2. Unification and Resolution of Lawsuits

A second theory to consider (19) in matters of bureaucratic justice lies in the requirement for court decisions to be coherent and to harmonize the amount of damages awarded on a national level. Logically, joining several claims would result in one single judgment being rendered and would give a better guarantee of coherence concerning resolution of a dispute and harmonization of damages than when several claims are heard by different courts. In that respect, class actions would improve the justice system, and they would lead to a better understanding of the legal solutions available and therefore result in improved predictability. This type of action would definitely give much stronger judicial protection to consumers.

The fact remains, however, that there is justifiable concern about class actions. Would the risk of having to defend such an action have a substantial effect on the reserve set aside by a company? People often express fears that class actions would cause financial hardship and even bankruptcy for the company defending the action. These fears are deep-rooted and not restricted to French companies. Each country that has introduced class actions has had to take these fears into account. However, very few studies have been carried out in this respect. The only studies available were done in North America and are not unduly alarming. So to find out whether these fears are justified, a research institute in Quebec has carried out research, based mainly on corporate annual reports as well as the value of shares on the stock exchange. To answer the question of whether class actions have resulted in some companies going bankrupt, interviews were conducted by people from the Class Action Assistance Fund in Quebec, whose experience on the matter is undeniable. The results showed that out of all the class actions brought in Quebec, none of them led to a company's bankruptcy.

The financial consequences of a class action on companies are relatively small, since companies usually either set aside reserves to ensure that their financial situation is not directly affected, or they are making such big profits that the value of their stock is not affected. (20) Obviously one study alone cannot provide a definitive answer and other studies should be conducted to compare results.

3. Making Lawsuits Less Onerous and an Amalgamation of Claims

One of the arguments often made against introducing class actions in France is that they might lead to a plethora of lawsuits that would clog up the court system and, may be, an abuse, of litigation rights, but both remain to be seen. First, to the basic concept of group action would mean amalgamating a great number of individual actions brought by persons having suffered the same injury into one single law suit, rather than having several claims heard in different courts. A class action is therefore an economic way of settling several lawsuits. Moreover, if we are all in agreement that a class action, by its very nature, only involves cases where there has been a mass injury, it is logical to believe that this type of action would not be employed very often. In Quebec, but also in European countries where class actions have been introduced, such as Sweden, this type of recourse is definitely the exception rather than the rule. (21) However, it is important to note that in Sweden, class actions can be initiated in a variety of areas, since the law not only covers consumer protection but also environmental law and labor law. (22) Contrary to the fears expressed when this legislation was being introduced, there have been very few class actions initiated. The Department of the Ombudsman has only recorded five such actions in Sweden since January, 2003. Evidently we do not have sufficient hindsight for an overall assessment of this type of action in Sweden, which will surely develop in the future, but it is clear that introducing class actions has not immediately resulted in the abuse that was feared. This data leads us to conclude, for the time being at least, that class actions do not lead to an increase in lawsuits. To the contrary, they aim at amalgamating several lawsuits and harmonizing their resolution.

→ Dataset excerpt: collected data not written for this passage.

Record HilbertSpace := {
  carrier :> Type;
  hzero : carrier;
  hadd : carrier -> carrier -> carrier;
  hopp : carrier -> carrier;
  hscal : R -> carrier -> carrier;
  hinner : carrier -> carrier -> R;
  hadd_assoc : forall x y z, hadd x (hadd y z) = hadd (hadd x y) z;
  hadd_comm : forall x y, hadd x y = hadd y x;
  hadd_0 : forall x, hadd x hzero = x;
  hadd_opp : forall x, hadd x (hopp x) = hzero;
  hscal_assoc : forall a b x, hscal a (hscal b x) = hscal (a * b) x;
  hscal_1 : forall x, hscal 1 x = x;
  hscal_distr_vec : forall a x y, hscal a (hadd x y) = hadd (hscal a x) (hscal a y);
  hscal_distr_scal : forall a b x, hscal (a + b) x = hadd (hscal a x) (hscal b x);
  hinner_sym : forall x y, hinner x y = hinner y x;
  hinner_add_l : forall x y z, hinner (hadd x y) z = hinner x z + hinner y z;
  hinner_scal_l : forall a x y, hinner (hscal a x) y = a * hinner x y;
  hinner_nonneg : forall x, 0 <= hinner x x;
  hinner_def : forall x, hinner x x = 0 -> x = hzero;
  hcomplete : forall u : nat -> carrier,
    (forall eps, 0 < eps -> exists M, forall m n, (M <= m)%nat -> (M <= n)%nat ->
        sqrt (hinner (hadd (u m) (hopp (u n))) (hadd (u m) (hopp (u n)))) < eps) ->
    exists l, forall eps, 0 < eps -> exists M, forall n, (M <= n)%nat ->
        sqrt (hinner (hadd (u n) (hopp l)) (hadd (u n) (hopp l))) < eps
}.

Arguments hzero {_}. Arguments hadd {_}. Arguments hopp {_}.
Arguments hscal {_}. Arguments hinner {_}.

Definition hsub {X : HilbertSpace} (x y : X) : X := hadd x (hopp y).
Definition hnorm {X : HilbertSpace} (x : X) : R := sqrt (hinner x x).

(** A set-valued operator A : X -> 2^X, encoded as a relation: A x u means u ∈ A(x). *)
Definition SetOp (X : HilbertSpace) := X -> X -> Prop.

Definition monotone_op {X : HilbertSpace} (A : SetOp X) : Prop :=
  forall x y u v, A x u -> A y v -> 0 <= hinner (hsub x y) (hsub u v).

Definition maximal_monotone {X : HilbertSpace} (A : SetOp X) : Prop :=
  monotone_op A /\
  forall x u, (forall y v, A y v -> 0 <= hinner (hsub x y) (hsub u v)) -> A x u.

Definition zeros {X : HilbertSpace} (A : SetOp X) (x : X) : Prop := A x hzero.

(** J is the resolvent (Id + A)^{-1}: x ∈ J(x) + A(J(x)), i.e. x - J x ∈ A (J x).
    For maximal monotone A this determines J uniquely as a total function. *)
Definition is_resolvent {X : HilbertSpace} (A : SetOp X) (J : X -> X) : Prop :=
  forall x, A (J x) (hsub x (J x)).

Definition in_ball {X : HilbertSpace} (p : X) (N : nat) (x : X) : Prop :=
  hnorm (hsub x p) <= INR N.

Despite this information, class actions do not mean an end to litigation. This concept is illustrated in the opt-out system, where people who have decided not to join in the class action retain their individual right of recourse. It is even more true for the opt-in system where, in all probability, voluntary participation in a class action is still dissuasive and/or can lead to opportunist behavior on the part of potential injured third parties who prefer to stay out of it, letting others bring the initial action then taking advantage of a judgment that in principle is favorable to their case:

4. Settlement

Class actions make out-of-court dispute resolution easier. They have the advantage of avoiding long-drawn out, costly law suits. In addition, if a settlement is reached at a very early stage, the company involved can also steer clear of bad publicity. One accusation often leveled at class actions is that they are a form of blackmail, since the companies involved have to sit down at the negotiating table, whatever their share of liability. There are limits to this argument of course. First, nobody can be coerced into signing a settlement agreement. When certain defendants do so, it is probably because it is in their best interest, whether to limit damage to the company's reputation as a result of media coverage, or to reduce their legal fees. Court action always remains a possibility, and the company can choose to pursue the lawsuit to its conclusion instead of settling. Moreover, the pressure applied with a view to settling is not exclusive to class actions. Such pressure exists whenever the financial stakes are very high and in cases involving vast numbers of individual claims. Media interest in this type of case can also be influenced by this pressure. Finally, the specter of "lawful blackmail," so dreaded in the United States, has not necessarily reared its head elsewhere. In Quebec, for example, the proportion of out-of-court settlements is no higher for class actions than it is for normal cases, where only five percent go to trial. (23)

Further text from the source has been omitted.